Mass Customization: The New Frontier in Business Competition
by B. Joseph Pine II
The mass production of standardized goods was the source of America's economic strength for generations and became the model for successful industries. Today, that model is a major cause of the nation's declining competitiveness. As Joe Pine makes clear, innovative companies are embracing a new paradigm of management - mass customization - that allows them to create greater variety and customization in their products and services at competitive prices.
Markets of One: Creating Customer-Unique Value through Mass Customization
Edited by James H. Gilmore and B. Joseph Pine II
Companies that customize their offerings are able to meet the unique needs of individual customers so that nearly everyone can obtain exactly what they want at a reasonable price. It's a paradigm shift away from the one-size-fits-all mass production mindset to viewing each customer as a distinct market of one. This collection of ten "Harvard Business Review" articles chronicles the evolution of business competition as goods and service providers embrace mass customization to efficiently serve customers uniquely.
The Experience Economy, Updated Edition
by B. Joseph Pine II and James H. Gilmore
More than a decade ago, Joe Pine and Jim Gilmore offered businesses a new way to think about connecting with customers and securing their loyalty. As a result, The Experience Economy is now a classic, embraced by readers and companies worldwide and read in more than a dozen languages.And though the world has changed in many ways since then, the idea of staging experiences is now more relevant than ever. Welcome to the new Experience Economy. With this fully updated edition, the authors make an even stronger case that experience is the missing link between a company and its customers.

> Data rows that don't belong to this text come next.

(* Let $\ell\ge5$, let $G$ be an $\ell$-holed graph, and let $(A,B,P_1,\dots,P_4)$ be a $4$-bar gate in $G$, where $P_i$ has ends $a_i\in V(A)$, $b_i\in V(B)$. Define $d(1,2,3,4)=d_A(a_1,a_2)+d_A(a_3,a_4)$, $d(1,3,2,4)=d_A(a_1,a_3)+d_A(a_2,a_4)$ and $d(1,4,2,3)=d_A(a_1,a_4)+d_A(a_2,a_3)$. Then two of $d(1,2,3,4),d(1,3,2,4),d(1,4,2,3)$ are equal and the third is at most one more.
   Context: A hole is an induced cycle of length at least four; $G$ is $\ell$-holed if all holes have length exactly $\ell$. $d_A$ denotes distance in $A$. A $4$-bar semigate in $G$ is a tuple $(A,B,P_1,\dots,P_4)$ of induced subgraphs such that: $A,B$ are vertex-disjoint connected subgraphs; each $P_i$ is a path with ends $a_i,b_i$, $V(P_i\cap A)=\{a_i\}$, $V(P_i\cap B)=\{b_i\}$; the $P_i$ are distinct and $V(P_i\cap P_j)=\{a_i,b_i\}\cap\{a_j,b_j\}$ for $i<j$; each vertex of $A$ has at most one neighbour in $V(B)$ and vice versa; and $A\cup B\cup P_1\cup\dots\cup P_4$ is induced. A semigate $(A',B',P'_1,\dots,P'_4)$ is strictly better than $(A,B,P_1,\dots,P_4)$ if $A'\subseteq A$, $B'\subseteq B$, $P_i\subseteq P'_i$ for all $i$, and $A'\ne A$ or $B'\ne B$. A $4$-bar gate is a $4$-bar semigate with no strictly better $4$-bar semigate. *)

(* Finite simple graphs as a symmetric irreflexive relation on a finType. *)
From mathcomp Require Import all_boot.
Set Implicit Arguments. Unset Strict Implicit. Unset Printing Implicit Defensive.

Section Graphs.
Variables (T : finType) (e : rel T).

(* A hole: an induced cycle of length at least four, given by the cyclic
   sequence of its (distinct) vertices. *)
Definition is_hole (s : seq T) : Prop :=
  exists x0 : T, x0 \in s /\
  [/\ uniq s, 4 <= size s &
      forall i j, i < size s -> j < size s ->
        e (nth x0 s i) (nth x0 s j) =
          (i.+1 %% size s == j) || (j.+1 %% size s == i)].

Definition holed (l : nat) : Prop := forall s, is_hole s -> size s = l.

Definition is_path (P : {set T}) (a b : T) : Prop :=
  exists s : seq T,
    [/\ uniq (a :: s), P = [set x in a :: s], last a s = b &
        forall i j, i < j -> j < size (a :: s) ->
          e (nth a (a :: s) i) (nth a (a :: s) j) = (j == i.+1)].

Definition rel_in (A : {set T}) : rel T :=
  [rel u v | [&& u \in A, v \in A & e u v]].

Definition connected_in (A : {set T}) : Prop :=
  A != set0 /\ {in A &, forall x y, connect (rel_in A) x y}.

(* d_A(x,y): least n such that there is a walk of length n from x to y in G[A]
   (defaults to #|T| if none exists; irrelevant when G[A] is connected). *)
Definition dist_in (A : {set T}) (x y : T) : nat :=
  find (fun n => [exists t : n.-tuple T, path (rel_in A) x t && (last x t == y)])
       (iota 0 #|T|).

Definition semigate (A B : {set T}) (P : 'I_4 -> {set T}) (a b : 'I_4 -> T) : Prop :=
  [/\ [disjoint A & B], connected_in A, connected_in B,
      (forall i, is_path (P i) (a i) (b i) /\
                 P i :&: A = [set a i] /\ P i :&: B = [set b i]) &
      (forall i j, i != j -> P i != P j /\
                 P i :&: P j = [set a i; b i] :&: [set a j; b j])] /\
  [/\
      (forall x, x \in A -> #|[set y in B | e x y]| <= 1),
      (forall y, y \in B -> #|[set x in A | e y x]| <= 1) &
      (let U := A :|: B :|: \bigcup_i P i in
       forall u v, u \in U -> v \in U -> e u v ->
         [\/ u \in A /\ v \in A, u \in B /\ v \in B |
             exists i, u \in P i /\ v \in P i])].

Definition is_semigate (A B : {set T}) (P : 'I_4 -> {set T}) : Prop :=
  exists a b, semigate A B P a b.

Definition strictly_better (A' B' : {set T}) (P' : 'I_4 -> {set T})
    (A B : {set T}) (P : 'I_4 -> {set T}) : Prop :=
  [/\ A' \subset A, B' \subset B, (forall i, P i \subset P' i) &
      (A' != A \/ B' != B)].

Definition gate (A B : {set T}) (P : 'I_4 -> {set T}) (a b : 'I_4 -> T) : Prop :=
  semigate A B P a b /\
  ~ (exists A' B' P', is_semigate A' B' P' /\ strictly_better A' B' P' A B P).

End Graphs.

Definition o1 : 'I_4 := @Ordinal 4 0 isT.
Definition o2 : 'I_4 := @Ordinal 4 1 isT.
Definition o3 : 'I_4 := @Ordinal 4 2 isT.
Definition o4 : 'I_4 := @Ordinal 4 3 isT.

From mathcomp Require Import all_boot zify.
Set Implicit Arguments. Unset Strict Implicit. Unset Printing Implicit Defensive.

(* Minimality of the gate makes A an inclusion-minimal connected set containing
   a_1, ..., a_4 (shrinking A alone would give a strictly better semigate), and
   l >= 5 is only used to exclude induced 4-cycles.  The four-point condition is
   proved for all such minimal connectors by induction on their size.  If a
   vertex v separates A, some component C of A - v contains one or two
   terminals.  With two, every distance across C passes through v, so two of the
   sums coincide and dominate the third.  With one terminal x, replacing x by v
   and deleting C gives a smaller minimal connector with the same distances, and
   all three sums shift by d(x, v).  Otherwise A is 2-connected, so each of its
   vertices is a terminal and is non-adjacent to at most one other; as there is
   no induced C4, each of the three pairings of the terminals contains an edge,
   so all distances are 1 or 2 and every sum is 2 or 3. *)

Section InducedDistance.
Variables (T : finType) (e : rel T).
Implicit Types (A : {set T}) (x y z : T) (p : seq T).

Authenticity: What Consumers Really Want
By James H. Gilmore and B. Joseph Pine II
Contrived. Disingenuous. Phony. Inauthentic. Do your customers use any of these words to describe what you sell or how you sell it? Inundated by posers and a sense of the phoniness of it all, people increasingly see the world in terms of real or fake. When deciding to buy, they’ll judge an offering (and a company) on its perceived authenticity as much as if not more than price, quality, and availability. Named one of TIME Magazine’s “10 Ideas That Are Changing The World”, Authenticity explores what “real” really means for businesses and how companies can approach it both thoughtfully and thoroughly.
Infinite Possibility: Creating Customer Value on the Digital Frontier
by B. Joseph Pine II and Kim C. Korn
The Experience Economy identified a seismic shift in the business world: to set yourself apart from your competition, you need to stage experiences—memorable events that engage people in inherently personal ways. But as consumers increasingly experience the world through their digital gadgets, companies have only begun to scratch the surface of technology-infused experiences. In Infinite Possibility, Pine and co-author Kim Korn show businesses how to understand the digital landscape and create innovative offerings that fuse the real and the virtual.